> [Problem statement]: The lines to repeat are those below from the one containing "Lemma sum_ord_inv_expr_posN1 (F" down to the one containing "rewrite unity_rootE -expi2piMn", both included; reproduce them exactly and nothing else.

> [Available data]:
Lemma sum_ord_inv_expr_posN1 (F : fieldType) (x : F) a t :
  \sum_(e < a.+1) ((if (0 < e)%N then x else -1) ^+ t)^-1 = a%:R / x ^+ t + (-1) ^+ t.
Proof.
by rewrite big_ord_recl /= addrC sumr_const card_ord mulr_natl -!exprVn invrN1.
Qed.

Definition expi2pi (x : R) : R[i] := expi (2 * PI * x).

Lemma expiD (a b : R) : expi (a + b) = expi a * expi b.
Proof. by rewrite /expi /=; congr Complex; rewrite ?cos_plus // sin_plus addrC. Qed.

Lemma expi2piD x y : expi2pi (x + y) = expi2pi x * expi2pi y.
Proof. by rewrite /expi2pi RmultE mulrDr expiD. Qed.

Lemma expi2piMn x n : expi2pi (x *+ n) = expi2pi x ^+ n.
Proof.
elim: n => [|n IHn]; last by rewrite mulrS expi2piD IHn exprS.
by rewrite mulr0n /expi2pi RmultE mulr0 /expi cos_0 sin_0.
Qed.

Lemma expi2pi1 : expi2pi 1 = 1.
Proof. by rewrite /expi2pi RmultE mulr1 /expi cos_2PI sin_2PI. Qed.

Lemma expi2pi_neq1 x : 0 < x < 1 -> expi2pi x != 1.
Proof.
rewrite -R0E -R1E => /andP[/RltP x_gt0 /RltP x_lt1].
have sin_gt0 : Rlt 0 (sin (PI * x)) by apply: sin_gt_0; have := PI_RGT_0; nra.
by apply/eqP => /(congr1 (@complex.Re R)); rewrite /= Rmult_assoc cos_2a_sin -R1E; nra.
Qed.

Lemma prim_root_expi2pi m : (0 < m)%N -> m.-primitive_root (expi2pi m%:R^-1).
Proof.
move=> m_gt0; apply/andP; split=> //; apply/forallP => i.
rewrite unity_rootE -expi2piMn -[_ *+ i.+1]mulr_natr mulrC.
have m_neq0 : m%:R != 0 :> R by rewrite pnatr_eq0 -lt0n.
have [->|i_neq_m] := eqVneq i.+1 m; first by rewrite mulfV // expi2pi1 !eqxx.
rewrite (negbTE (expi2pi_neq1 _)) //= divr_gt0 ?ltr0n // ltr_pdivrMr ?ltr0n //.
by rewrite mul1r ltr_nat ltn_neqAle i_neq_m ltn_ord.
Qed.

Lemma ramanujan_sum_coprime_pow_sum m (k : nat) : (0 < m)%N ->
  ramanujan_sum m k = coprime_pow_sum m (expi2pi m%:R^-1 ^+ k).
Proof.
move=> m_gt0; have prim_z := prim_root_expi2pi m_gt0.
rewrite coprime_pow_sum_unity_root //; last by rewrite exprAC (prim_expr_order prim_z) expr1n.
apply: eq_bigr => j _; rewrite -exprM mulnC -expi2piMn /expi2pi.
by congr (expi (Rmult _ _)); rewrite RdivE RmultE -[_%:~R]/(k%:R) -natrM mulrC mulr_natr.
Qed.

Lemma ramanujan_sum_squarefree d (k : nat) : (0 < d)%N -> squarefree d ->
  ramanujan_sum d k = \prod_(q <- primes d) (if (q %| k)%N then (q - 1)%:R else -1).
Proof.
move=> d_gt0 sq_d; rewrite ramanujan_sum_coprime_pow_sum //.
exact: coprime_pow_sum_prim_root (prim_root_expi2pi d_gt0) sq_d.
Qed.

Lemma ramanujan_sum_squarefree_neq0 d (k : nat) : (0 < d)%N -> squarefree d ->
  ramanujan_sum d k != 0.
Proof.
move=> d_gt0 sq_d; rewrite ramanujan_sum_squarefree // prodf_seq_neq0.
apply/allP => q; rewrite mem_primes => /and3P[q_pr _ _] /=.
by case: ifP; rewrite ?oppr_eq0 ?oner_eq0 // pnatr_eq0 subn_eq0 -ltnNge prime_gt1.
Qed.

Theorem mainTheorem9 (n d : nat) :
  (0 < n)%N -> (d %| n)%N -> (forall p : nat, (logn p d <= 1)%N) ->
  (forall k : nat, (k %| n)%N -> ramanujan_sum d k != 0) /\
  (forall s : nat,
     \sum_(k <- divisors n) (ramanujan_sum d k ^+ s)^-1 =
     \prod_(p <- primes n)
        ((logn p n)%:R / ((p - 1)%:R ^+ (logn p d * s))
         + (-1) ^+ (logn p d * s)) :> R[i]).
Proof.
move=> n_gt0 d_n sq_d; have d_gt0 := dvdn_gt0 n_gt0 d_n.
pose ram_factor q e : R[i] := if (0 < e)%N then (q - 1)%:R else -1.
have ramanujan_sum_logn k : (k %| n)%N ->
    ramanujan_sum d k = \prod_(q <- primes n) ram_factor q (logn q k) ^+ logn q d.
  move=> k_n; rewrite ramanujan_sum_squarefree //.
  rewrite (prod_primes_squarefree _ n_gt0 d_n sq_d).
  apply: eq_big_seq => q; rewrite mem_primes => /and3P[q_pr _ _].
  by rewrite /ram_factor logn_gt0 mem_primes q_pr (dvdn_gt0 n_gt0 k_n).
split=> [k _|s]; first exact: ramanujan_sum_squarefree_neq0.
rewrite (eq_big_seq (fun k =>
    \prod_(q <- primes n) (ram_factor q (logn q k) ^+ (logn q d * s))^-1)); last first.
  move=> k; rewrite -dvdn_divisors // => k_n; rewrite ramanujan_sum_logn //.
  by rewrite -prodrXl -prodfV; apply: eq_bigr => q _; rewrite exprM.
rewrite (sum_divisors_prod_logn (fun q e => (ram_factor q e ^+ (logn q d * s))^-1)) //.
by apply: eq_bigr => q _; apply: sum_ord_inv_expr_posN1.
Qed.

==

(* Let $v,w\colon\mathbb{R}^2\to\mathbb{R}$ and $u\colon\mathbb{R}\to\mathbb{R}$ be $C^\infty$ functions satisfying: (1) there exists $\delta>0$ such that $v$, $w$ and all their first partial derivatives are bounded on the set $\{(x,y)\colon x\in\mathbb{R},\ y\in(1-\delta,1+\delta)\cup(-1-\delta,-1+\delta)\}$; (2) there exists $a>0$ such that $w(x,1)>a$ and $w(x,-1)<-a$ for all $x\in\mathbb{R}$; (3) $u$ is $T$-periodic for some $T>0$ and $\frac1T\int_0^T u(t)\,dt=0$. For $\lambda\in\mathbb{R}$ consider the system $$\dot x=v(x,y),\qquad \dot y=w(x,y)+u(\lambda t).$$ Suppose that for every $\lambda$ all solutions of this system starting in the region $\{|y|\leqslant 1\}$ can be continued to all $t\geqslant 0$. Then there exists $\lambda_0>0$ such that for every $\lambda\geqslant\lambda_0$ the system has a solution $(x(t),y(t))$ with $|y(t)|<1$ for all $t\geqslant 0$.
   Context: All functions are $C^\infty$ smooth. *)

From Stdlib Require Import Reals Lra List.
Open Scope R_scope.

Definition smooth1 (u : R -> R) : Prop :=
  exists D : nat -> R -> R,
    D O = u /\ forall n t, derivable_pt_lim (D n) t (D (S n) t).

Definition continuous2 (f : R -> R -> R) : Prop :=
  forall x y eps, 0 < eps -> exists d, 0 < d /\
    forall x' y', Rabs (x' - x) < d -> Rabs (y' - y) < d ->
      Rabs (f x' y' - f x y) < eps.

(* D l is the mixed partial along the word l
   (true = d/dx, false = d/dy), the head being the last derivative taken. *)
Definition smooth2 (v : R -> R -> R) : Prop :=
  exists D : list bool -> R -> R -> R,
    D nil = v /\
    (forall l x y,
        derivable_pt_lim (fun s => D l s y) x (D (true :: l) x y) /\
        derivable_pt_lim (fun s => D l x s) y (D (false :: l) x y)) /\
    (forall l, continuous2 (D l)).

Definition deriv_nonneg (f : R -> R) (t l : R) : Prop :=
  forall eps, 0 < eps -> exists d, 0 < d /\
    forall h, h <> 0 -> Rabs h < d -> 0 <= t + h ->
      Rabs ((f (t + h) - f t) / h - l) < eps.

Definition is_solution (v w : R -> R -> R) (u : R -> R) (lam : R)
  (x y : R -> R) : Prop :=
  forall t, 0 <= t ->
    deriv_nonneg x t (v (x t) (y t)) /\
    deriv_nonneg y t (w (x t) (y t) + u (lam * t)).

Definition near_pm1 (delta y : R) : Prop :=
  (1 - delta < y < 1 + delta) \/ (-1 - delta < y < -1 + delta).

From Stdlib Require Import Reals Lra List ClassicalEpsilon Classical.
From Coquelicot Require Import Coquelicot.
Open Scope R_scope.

> [Response for this exercise]:
Lemma sum_ord_inv_expr_posN1 (F : fieldType) (x : F) a t :
  \sum_(e < a.+1) ((if (0 < e)%N then x else -1) ^+ t)^-1 = a%:R / x ^+ t + (-1) ^+ t.
Proof.
by rewrite big_ord_recl /= addrC sumr_const card_ord mulr_natl -!exprVn invrN1.
Qed.

Definition expi2pi (x : R) : R[i] := expi (2 * PI * x).

Lemma expiD (a b : R) : expi (a + b) = expi a * expi b.
Proof. by rewrite /expi /=; congr Complex; rewrite ?cos_plus // sin_plus addrC. Qed.

Lemma expi2piD x y : expi2pi (x + y) = expi2pi x * expi2pi y.
Proof. by rewrite /expi2pi RmultE mulrDr expiD. Qed.

Lemma expi2piMn x n : expi2pi (x *+ n) = expi2pi x ^+ n.
Proof.
elim: n => [|n IHn]; last by rewrite mulrS expi2piD IHn exprS.
by rewrite mulr0n /expi2pi RmultE mulr0 /expi cos_0 sin_0.
Qed.

Lemma expi2pi1 : expi2pi 1 = 1.
Proof. by rewrite /expi2pi RmultE mulr1 /expi cos_2PI sin_2PI. Qed.

Lemma expi2pi_neq1 x : 0 < x < 1 -> expi2pi x != 1.
Proof.
rewrite -R0E -R1E => /andP[/RltP x_gt0 /RltP x_lt1].
have sin_gt0 : Rlt 0 (sin (PI * x)) by apply: sin_gt_0; have := PI_RGT_0; nra.
by apply/eqP => /(congr1 (@complex.Re R)); rewrite /= Rmult_assoc cos_2a_sin -R1E; nra.
Qed.

Lemma prim_root_expi2pi m : (0 < m)%N -> m.-primitive_root (expi2pi m%:R^-1).
Proof.
move=> m_gt0; apply/andP; split=> //; apply/forallP => i.
rewrite unity_rootE -expi2piMn -[_ *+ i.+1]mulr_natr mulrC.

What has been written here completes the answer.